Eigenvalue Calculator for 2×2 and 3×3 Matrices

Type the entries of a square matrix and instantly read off its eigenvalues, determinant, trace and characteristic polynomial — all computed live in your browser, including complex eigenvalues.

How the eigenvalue computation works

An eigenvalue λ of a square matrix A is a scalar for which there exists a non-zero vector v (the eigenvector) satisfying A·v = λ·v. Rearranging gives (A − λI)·v = 0, which has a non-trivial solution only when the matrix A − λI is singular. That condition is captured by the characteristic polynomial det(A − λI) = 0.

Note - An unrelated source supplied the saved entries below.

(* Let $\mathcal{A}$ be an alternative $W^{*}$-factor, $\mathcal{B}$ an alternative complex $\ast$-algebra, and $\Phi:\mathcal{A}\to\mathcal{B}$ a bijection preserving product $ab+ba^{*}$ (resp. $ab-ba^{*}$). Let $p_{1}\in\mathcal{A}$ be a projection with $p_{1}\neq 1_{\mathcal{A}}$, $p_{2}=1_{\mathcal{A}}-p_{1}$, and $\mathcal{A}_{ij}=p_{i}\mathcal{A}p_{j}$. Then for all $a_{11}\in\mathcal{A}_{11}$, $b_{12}\in\mathcal{A}_{12}$, $c_{21}\in\mathcal{A}_{21}$, $d_{22}\in\mathcal{A}_{22}$: (i) $\Phi(a_{11}+b_{12})=\Phi(a_{11})+\Phi(b_{12})$; (ii) $\Phi(a_{11}+c_{21})=\Phi(a_{11})+\Phi(c_{21})$; (iii) $\Phi(b_{12}+d_{22})=\Phi(b_{12})+\Phi(d_{22})$; (iv) $\Phi(c_{21}+d_{22})=\Phi(c_{21})+\Phi(d_{22})$.
   Context: An alternative $W^{*}$-factor is a prime alternative $C^{*}$-algebra (complete normed alternative complex $\ast$-algebra with $\|a^{*}a\|=\|a\|^{2}$) that is a dual Banach space; it is unital. A projection is a nonzero self-adjoint idempotent. $\mathcal{A}=\mathcal{A}_{11}\oplus\mathcal{A}_{12}\oplus\mathcal{A}_{21}\oplus\mathcal{A}_{22}$ is the Peirce decomposition with respect to $p_{1}$. $\Phi$ preserves product $ab+ba^{*}$ (resp. $ab-ba^{*}$) if $\Phi(ab+ba^{*})=\Phi(a)\Phi(b)+\Phi(b)\Phi(a)^{*}$ (resp. $\Phi(ab-ba^{*})=\Phi(a)\Phi(b)-\Phi(b)\Phi(a)^{*}$) for all $a,b\in\mathcal{A}$. *)

From mathcomp Require Import all_boot all_order all_algebra.
From mathcomp Require Import complex.
From mathcomp Require Import all_classical all_reals all_analysis.
Import Order.TTheory GRing.Theory Num.Theory ComplexField.
Import numFieldNormedType.Exports.
Set Implicit Arguments. Unset Strict Implicit. Unset Printing Implicit Defensive.
Local Open Scope ring_scope.
Local Open Scope classical_set_scope.

Section Defs.
Variable R : realType.
Local Notation C := R[i].

Definition complex_star_algebra (V : lmodType C) (mul : V -> V -> V)
  (star : V -> V) : Prop :=
  [/\ (forall (k : C) (a b c : V), mul (k *: a + b) c = k *: mul a c + mul b c),
      (forall (k : C) (a b c : V), mul a (k *: b + c) = k *: mul a b + mul a c),
      (forall (k : C) (a b : V), star (k *: a + b) = k^* *: star a + star b),
      (forall a : V, star (star a) = a) &
      (forall a b : V, star (mul a b) = mul (star b) (star a))].
Lemma sep_geo_edge e : is_edge adj e -> hsep e z w ->
  exists2 i, i < n & samehyp e (geo_edge i).
Proof.
move=> ee e_zw; apply: NNPP => no_geo.
have geo_same i : i <= n -> ~~ hsep e z (geo i).
  elim: i => [|i IH] i_n; first by rewrite hsep_xx.
  rewrite (hsep_trans _ _ (geo i)) (negbTE (IH (ltnW i_n))) /=.
  by apply/negP => /(samehyp_of_hsep ee (geo_adj i_n)) e_i; apply: no_geo; exists i.
by move: (geo_same n (leqnn n)); rewrite geo_end e_zw.
Qed.

End Geodesic.

Section Action.
Variables (G : Type) (mul : G -> G -> G) (one : G) (inv : G -> G) (act : G -> V -> V).
Hypothesis mul_group : is_group mul one inv.
Hypothesis act_isometric : isometric_action adj mul one act.

Lemma actK g : cancel (act g) (act (inv g)).
Proof.
have [_ [_ mulVg]] := mul_group; have [act1 [actM _]] := act_isometric.
by move=> x; rewrite -actM mulVg act1.
Qed.

Lemma actKV g : cancel (act (inv g)) (act g).
Proof. by move=> x; apply: (can_inj (actK (inv g))); rewrite actK. Qed.

Lemma adj_act g x y : adj x y -> adj (act g x) (act g y).
Proof. by have [_ [_ iso]] := act_isometric; move/(iso g). Qed.

Lemma is_edge_act g e : is_edge adj e -> is_edge adj (act_edge act g e).
Proof. exact: adj_act. Qed.

Lemma act_edgeKV g e : act_edge act g (act_edge act (inv g) e) = e.
Proof. by case: e => a b; rewrite /act_edge /= !actKV. Qed.

Lemma dist_act g x y : dist (act g x) (act g y) = dist x y.
Proof.
have walk_act h k a b : nwalk adj k a b -> nwalk adj k (act h a) (act h b).
  by elim=> [c|j c d e cd _ IH]; [apply: nwalk0 | apply: nwalkS (adj_act h cd) IH].
apply/eqP; rewrite eqn_leq !dist_min //; last by apply: walk_act; apply: nwalk_dist.
by rewrite -{2}(actK g x) -{2}(actK g y); apply: walk_act; apply: nwalk_dist.
Qed.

For a 2×2 matrix the characteristic polynomial is the quadratic λ² − tr(A)·λ + det(A) = 0, where the trace tr(A) is the sum of the diagonal entries. This calculator solves it with the standard quadratic formula, returning a real pair when the discriminant is non-negative and a complex-conjugate pair otherwise. For a 3×3 matrix the characteristic polynomial is a cubic λ³ − c₂λ² + c₁λ − c₀ = 0, whose coefficients are the trace, the sum of the principal 2×2 minors, and the determinant. The cubic is solved analytically using Cardano's method together with the trigonometric form for three real roots, so symmetric matrices return clean real eigenvalues while rotation-like matrices correctly reveal complex pairs.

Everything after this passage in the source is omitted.